EXERCISE
The listing below holds a line with "apply: contra_neq nz_x" and a later line with "apply: not_P2Pstar_w; rewrite def_w in Pw *.". Write out those two lines and every line between them, exactly, and nothing else.

DATA FOR THE TASK
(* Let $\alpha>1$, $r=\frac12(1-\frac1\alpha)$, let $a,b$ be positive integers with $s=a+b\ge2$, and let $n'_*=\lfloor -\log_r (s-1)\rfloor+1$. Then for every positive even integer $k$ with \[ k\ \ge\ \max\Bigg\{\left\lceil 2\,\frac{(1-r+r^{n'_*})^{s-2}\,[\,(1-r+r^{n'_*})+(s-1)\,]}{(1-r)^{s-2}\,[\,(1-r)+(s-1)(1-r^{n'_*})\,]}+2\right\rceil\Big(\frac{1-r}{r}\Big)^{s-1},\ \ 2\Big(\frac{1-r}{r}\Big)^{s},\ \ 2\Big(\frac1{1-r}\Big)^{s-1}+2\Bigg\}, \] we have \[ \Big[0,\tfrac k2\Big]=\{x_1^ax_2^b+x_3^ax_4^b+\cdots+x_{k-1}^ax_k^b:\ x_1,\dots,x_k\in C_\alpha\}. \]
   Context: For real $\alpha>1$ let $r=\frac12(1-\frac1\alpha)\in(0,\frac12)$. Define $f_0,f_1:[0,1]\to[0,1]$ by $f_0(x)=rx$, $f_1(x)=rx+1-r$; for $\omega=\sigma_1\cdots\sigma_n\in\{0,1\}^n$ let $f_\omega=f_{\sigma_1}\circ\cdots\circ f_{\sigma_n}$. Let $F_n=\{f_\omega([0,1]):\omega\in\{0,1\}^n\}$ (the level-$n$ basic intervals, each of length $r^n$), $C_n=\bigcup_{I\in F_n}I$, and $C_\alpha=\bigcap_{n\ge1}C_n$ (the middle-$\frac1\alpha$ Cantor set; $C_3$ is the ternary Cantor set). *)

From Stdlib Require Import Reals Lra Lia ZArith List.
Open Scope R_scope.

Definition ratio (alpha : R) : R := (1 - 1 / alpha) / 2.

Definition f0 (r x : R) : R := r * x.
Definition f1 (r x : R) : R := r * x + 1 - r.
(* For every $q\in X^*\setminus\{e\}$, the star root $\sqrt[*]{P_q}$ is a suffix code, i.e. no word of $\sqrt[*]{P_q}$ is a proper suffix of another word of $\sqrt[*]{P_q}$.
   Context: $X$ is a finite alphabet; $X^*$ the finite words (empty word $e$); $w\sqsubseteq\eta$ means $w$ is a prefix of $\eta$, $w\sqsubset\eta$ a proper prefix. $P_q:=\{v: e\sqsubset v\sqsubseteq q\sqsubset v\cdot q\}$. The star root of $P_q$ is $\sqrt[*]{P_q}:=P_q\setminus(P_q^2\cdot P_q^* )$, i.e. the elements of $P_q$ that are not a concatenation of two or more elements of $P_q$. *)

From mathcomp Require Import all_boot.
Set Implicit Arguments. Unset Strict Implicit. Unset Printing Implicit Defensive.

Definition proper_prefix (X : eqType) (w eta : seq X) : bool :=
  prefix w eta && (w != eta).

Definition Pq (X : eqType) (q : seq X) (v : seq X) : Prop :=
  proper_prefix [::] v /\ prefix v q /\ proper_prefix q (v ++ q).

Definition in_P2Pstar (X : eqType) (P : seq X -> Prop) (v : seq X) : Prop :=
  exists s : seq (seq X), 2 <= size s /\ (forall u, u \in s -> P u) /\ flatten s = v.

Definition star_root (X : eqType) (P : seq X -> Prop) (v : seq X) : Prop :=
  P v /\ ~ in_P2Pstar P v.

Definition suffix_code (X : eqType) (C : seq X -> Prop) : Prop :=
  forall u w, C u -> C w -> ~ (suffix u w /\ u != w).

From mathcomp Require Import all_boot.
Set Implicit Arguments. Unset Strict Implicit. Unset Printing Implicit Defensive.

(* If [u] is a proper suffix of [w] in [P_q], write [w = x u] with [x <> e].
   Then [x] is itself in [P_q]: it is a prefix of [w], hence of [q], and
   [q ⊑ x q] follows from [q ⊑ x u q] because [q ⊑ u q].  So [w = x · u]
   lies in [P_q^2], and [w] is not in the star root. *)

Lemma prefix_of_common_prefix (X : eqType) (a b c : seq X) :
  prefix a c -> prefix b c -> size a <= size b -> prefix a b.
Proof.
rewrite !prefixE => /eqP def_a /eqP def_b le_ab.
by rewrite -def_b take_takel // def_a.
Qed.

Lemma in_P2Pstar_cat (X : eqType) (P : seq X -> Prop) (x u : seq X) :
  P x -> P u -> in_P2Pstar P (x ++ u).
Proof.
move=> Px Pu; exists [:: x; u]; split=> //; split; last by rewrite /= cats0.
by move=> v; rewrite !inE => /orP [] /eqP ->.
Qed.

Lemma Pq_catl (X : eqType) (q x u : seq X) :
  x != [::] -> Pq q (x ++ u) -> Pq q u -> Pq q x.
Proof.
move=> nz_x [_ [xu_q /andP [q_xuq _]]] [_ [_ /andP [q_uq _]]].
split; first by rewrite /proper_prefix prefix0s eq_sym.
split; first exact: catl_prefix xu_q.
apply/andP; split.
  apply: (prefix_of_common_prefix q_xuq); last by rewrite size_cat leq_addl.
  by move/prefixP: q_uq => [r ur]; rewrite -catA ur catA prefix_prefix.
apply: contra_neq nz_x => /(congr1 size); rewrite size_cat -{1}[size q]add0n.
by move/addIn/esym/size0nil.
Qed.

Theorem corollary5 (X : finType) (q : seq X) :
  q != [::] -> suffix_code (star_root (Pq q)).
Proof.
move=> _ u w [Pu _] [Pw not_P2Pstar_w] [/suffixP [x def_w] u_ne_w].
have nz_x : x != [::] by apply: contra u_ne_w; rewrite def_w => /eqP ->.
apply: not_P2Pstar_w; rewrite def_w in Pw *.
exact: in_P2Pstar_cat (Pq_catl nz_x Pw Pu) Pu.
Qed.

WRITTEN ANSWER
apply: contra_neq nz_x => /(congr1 size); rewrite size_cat -{1}[size q]add0n.
by move/addIn/esym/size0nil.
Qed.

Theorem corollary5 (X : finType) (q : seq X) :
  q != [::] -> suffix_code (star_root (Pq q)).
Proof.
move=> _ u w [Pu _] [Pw not_P2Pstar_w] [/suffixP [x def_w] u_ne_w].
have nz_x : x != [::] by apply: contra u_ne_w; rewrite def_w => /eqP ->.
apply: not_P2Pstar_w; rewrite def_w in Pw *.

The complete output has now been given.